KC with Sir John Stanley in front of the Big Ben at the north end of Palace of Westminster in London.
KC also visited the School of Oriental and African studies (SOAS), University of London where he was received by Prof Paul Webley, director and Principal of the SOAS, Dr. Lawrence Saez Chair, Centre of South Asian Studies and Dr. Mara Malgodi. They shared their views on the current political scenario in Nepal including the status of peace process and constitution making.
KC also met Luis Ayala, Secretary General of the Socialist International (SI), at the SI’s headquarters in London. Ayala lauded Nepali Congress party’s role in Nepal’s democratic movement and expressed hope that Nepali political parties would be able to draft a new constitution in time. Formed in 1951, the Socialist International is an umbrella organisation of social democratic parties around the world.
On Tuesday evening, KC had an interaction with members of media and Nepali students studying in the UK. Addressing the program organised by www.nepalbritain.com at the Everest 53 Restaurant at Hunslow. Mr KC said as things stood, the chances of formulating a new constitution in time were very slim. He blamed the Maoists of not sticking to the past agreements and trying to capture power by stealth. He, however, warned that Nepali people would not accept authoritarianism under any disguise. The program chaired by Chiranjivi Dhakal was conducted by editor of NepalBritain.com, Chiran Sharma.
On Monday, KC called upon Asia Director of the DFID, Ms. Beverley Warmington, and thanked DFID for their support towards peace process, in tackling impact of climate change and programs aimed at socio-economic development of Nepal. He also had separated meeting with Mr William Middleton, Deputy Director, South Asia, at the Foreign and Commonwealth office (FCO) in London and discussed about current status of Nepal’s peace and constitution making process. Ms. Rosalind Corrigan, Nepal Desk officer, at the FCO, was also present in the meeting.
KC also had meeting with Sir John Stanley, MP, and chairman of the Britain-Nepal Parliamentary Group and Virendra Sharma, MP, and Vice Chairman of the Britain-Nepal Parliamentary Group separately and apprised them about the latest political situation in Nepal. He also had a meeting with Emma Reynolds, a Labour MP and shadow foreign office minister. He also met Dr. Gareth Price, head of the South Asia programme at the Chatham House, a think tank based in London. He also visited the Gurkha Museum at Winchester.
The first Gurkha Museum in the UK was established at Church Crookham in 1973. In 1989 this was closed and the artefacts transferred to Winchester. Officially opened in July 1990, the Museum commemorates the service of Gurkhas to the British Crown since 1815, and showcases records and artefacts pertaining to the old Indian Army Gurkha Brigade, the post-partition Brigade of Gurkhas and the present Brigade of Gurkhas.
KC also addressed the eighth anniversary of the Nepali Jana Samparka Samiti (NJSS) UK at Aldershot.
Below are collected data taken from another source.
(* Let $M$, $A$ and $B$ be three packed matrices. Then, (1) $\mathrm{ov}(A, B) \leq_{\mathrm{M}} M$ if and only if there are two packed matrices $A'$ and $B'$ such that $A \leq_{\mathrm{M}} A'$, $B \leq_{\mathrm{M}} B'$, and $M \in \mathrm{Sh}_c(A', B')$; (2) $M \leq_{\mathrm{M}} \mathrm{un}(A, B)$ if and only if there are two packed matrices $A'$ and $B'$ such that $A' \leq_{\mathrm{M}} A$, $B' \leq_{\mathrm{M}} B$, and $M \in \mathrm{Sh}_c(A', B')$.
   Context: Let $k \geq 1$ and $A_k := \{0,1,\dots,k\}$. A ($k$-)packed matrix of size $n$ is an $n\times n$ matrix with entries in $A_k$ with at least one nonzero entry in each row and column. For packed $M_1, M_2$ of sizes $n_1, n_2$: $\mathrm{ov}(M_1,M_2) := \begin{pmatrix} M_1 & 0 \\ 0 & M_2\end{pmatrix}$ (over operator) and $\mathrm{un}(M_1,M_2) := \begin{pmatrix} 0 & M_1 \\ M_2 & 0 \end{pmatrix}$ (under operator), with zero blocks of appropriate sizes. The column shifted shuffle $\mathrm{Sh}_c(M_1,M_2)$ is the set of all matrices obtained by shuffling the columns of $M_1$ with an $n_2 \times n_1$ zero block placed below it, with the columns of $M_2$ with an $n_1 \times n_2$ zero block placed above it. Define $\to$ on packed matrices of size $n$: $M_1 \to M_2$ if there is $i \in [n-1]$ such that, with $s$ the number of $0$ ending the $i$th column of $M_1$ and $p$ the number of $0$ starting its $(i+1)$st column, $s + p \geq n$ and $M_2$ is obtained from $M_1$ by exchanging its $i$th and $(i+1)$st columns. $\leq_{\mathrm{M}}$ is the reflexive and transitive closure of $\to$. *)

From mathcomp Require Import all_boot all_order all_algebra all_fingroup.
From Stdlib Require Import Relations.
Set Implicit Arguments. Unset Strict Implicit. Unset Printing Implicit Defensive.

(* Matrices with natural-number entries; entries are required to lie in
   A_k = {0,...,k} by the predicate [packed]. *)

Definition packed (k n : nat) (M : 'M[nat]_n) : Prop :=
  (forall i j, M i j <= k) /\
  (forall i, exists j, M i j != 0) /\
  (forall j, exists i, M i j != 0).

Definition ov n1 n2 (M1 : 'M[nat]_n1) (M2 : 'M[nat]_n2) : 'M[nat]_(n1 + n2) :=
  block_mx M1 0 0 M2.

(* under operator: [[0, M1], [M2, 0]]; the block matrix has type
   'M_(n1+n2, n2+n1), cast to the square type 'M_(n1+n2). *)
Definition un n1 n2 (M1 : 'M[nat]_n1) (M2 : 'M[nat]_n2) : 'M[nat]_(n1 + n2) :=
  castmx (erefl (n1 + n2), addnC n2 n1)
    (block_mx (0 : 'M[nat]_(n1, n2)) M1 M2 (0 : 'M[nat]_(n2, n1))).

(* column shifted shuffle: M is obtained by placing column j of ov M1 M2
   at position s j, where s keeps the relative order of the columns of M1
   (first n1 columns) and the relative order of those of M2. *)
Definition in_Shc n1 n2 (M : 'M[nat]_(n1 + n2))
    (M1 : 'M[nat]_n1) (M2 : 'M[nat]_n2) : Prop :=
  exists s : {perm 'I_(n1 + n2)},
    (forall a b : 'I_n1, a < b -> s (lshift n2 a) < s (lshift n2 b)) /\
    (forall a b : 'I_n2, a < b -> s (rshift n1 a) < s (rshift n1 b)) /\
    (forall i j, M i (s j) = ov M1 M2 i j).

Definition colseq n (M : 'M[nat]_n) (j : 'I_n) : seq nat :=
  [seq M r j | r <- enum 'I_n].

Definition lead0 (s : seq nat) : nat := find (fun x => x != 0) s.
Definition trail0 (s : seq nat) : nat := lead0 (rev s).

Definition mstep n (M1 M2 : 'M[nat]_n) : Prop :=
  exists i j : 'I_n, val j = (val i).+1 /\
    n <= trail0 (colseq M1 i) + lead0 (colseq M1 j) /\
    M2 = xcol i j M1.

Definition leM n : relation 'M[nat]_n := clos_refl_trans _ (@mstep n).

From mathcomp Require Import all_boot all_order all_algebra all_fingroup.
From mathcomp Require Import zify.
From Stdlib Require Import Relations.
Set Implicit Arguments. Unset Strict Implicit. Unset Printing Implicit Defensive.

(* Columns of [ov A B] coming from [A] vanish on the last [n2] rows and those
   coming from [B] on the first [n1] rows.  Hence a move applied to a column
   shuffle of [ov A B] either acts inside the [A]-columns or inside the
   [B]-columns, where it is a move of [A] or of [B], or exchanges an [A]-column
   with the [B]-column just to its right, which merely changes the shuffle; the
   opposite exchange is impossible since columns of packed matrices are nonzero.
   So everything above [ov A B] (resp. below [un A B], itself a shuffle) is a
   shuffle of blocks above [A] and [B] (resp. below them).  Conversely, moving
   [A]-columns rightwards past [B]-columns one at a time leads from a shuffle to
   any shuffle placing each [A]-column further right, and [ov] and [un] are the
   extreme shuffles. *)

Lemma leq_find_iff (T : Type) (p : pred T) x0 (s : seq T) q : q <= size s ->
  q <= find p s <-> forall r, r < q -> ~~ p (nth x0 s r).
Proof.
move=> le_q_s; split=> [le_q_find r lt_rq | nop].
  by rewrite before_find // (leq_trans lt_rq).
rewrite leqNgt; apply/negP => lt_find_q.
have hs : has p s by rewrite has_find (leq_trans lt_find_q).
by move: (nth_find x0 hs); rewrite (negbTE (nop _ lt_find_q)).
Qed.

Section ZeroRuns.
Variables (n : nat) (M : 'M[nat]_n).

Lemma size_colseq j : size (colseq M j) = n.
Proof. by rewrite size_map size_enum_ord. Qed.

Lemma nth_colseq j (r : 'I_n) : nth 0 (colseq M j) r = M r j.
Proof. by rewrite /colseq (nth_map r) ?size_enum_ord ?nth_ord_enum. Qed.

Lemma leq_lead0 j q : q <= n ->
  q <= lead0 (colseq M j) <-> forall r : 'I_n, r < q -> M r j = 0.
Proof.
move=> le_qn; rewrite (leq_find_iff _ 0) ?size_colseq //.
split=> [h r lt_rq | h r lt_rq].
  by apply/eqP/negPn; rewrite -nth_colseq h.
have lt_rn : r < n by exact: leq_trans lt_rq le_qn.
by rewrite -[r]/(val (Ordinal lt_rn)) nth_colseq h.
Qed.

Lemma leq_trail0 j q : q <= n ->
  q <= trail0 (colseq M j) <-> forall r : 'I_n, n - q <= r -> M r j = 0.
Proof.
move=> le_qn; rewrite /trail0 (leq_find_iff _ 0) ?size_rev ?size_colseq //.
split=> [h r le_r | h r lt_rq].
  have lt_r' : n - r.+1 < q by have := ltn_ord r; lia.
  apply/eqP/negPn; move: (h _ lt_r'); rewrite nth_rev ?size_colseq; last lia.
  by rewrite (_ : n - (n - r.+1).+1 = r) ?nth_colseq //; have := ltn_ord r; lia.
have lt_r'n : n - r.+1 < n by lia.
rewrite nth_rev ?size_colseq; last lia.
by rewrite -[n - r.+1]/(val (Ordinal lt_r'n)) nth_colseq h //=; lia.
Qed.

End ZeroRuns.

Definition separated n (M : 'M[nat]_n) (i j : 'I_n) :=
  exists q, [/\ q <= n, forall r : 'I_n, q <= r -> M r i = 0
                      & forall r : 'I_n, r < q -> M r j = 0].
Addressing the function, KC said the seven-point compact between the Maoists and CPN (UML) had objectionable provisions regarding integration of the former Maoist combatants. He urged Maoists to understand that Nepali people were not looking for a totalitarian system prevalent in Cuba or North Korea. “We won’t compromise on the basic tenets of democracy and pluralism,” he said.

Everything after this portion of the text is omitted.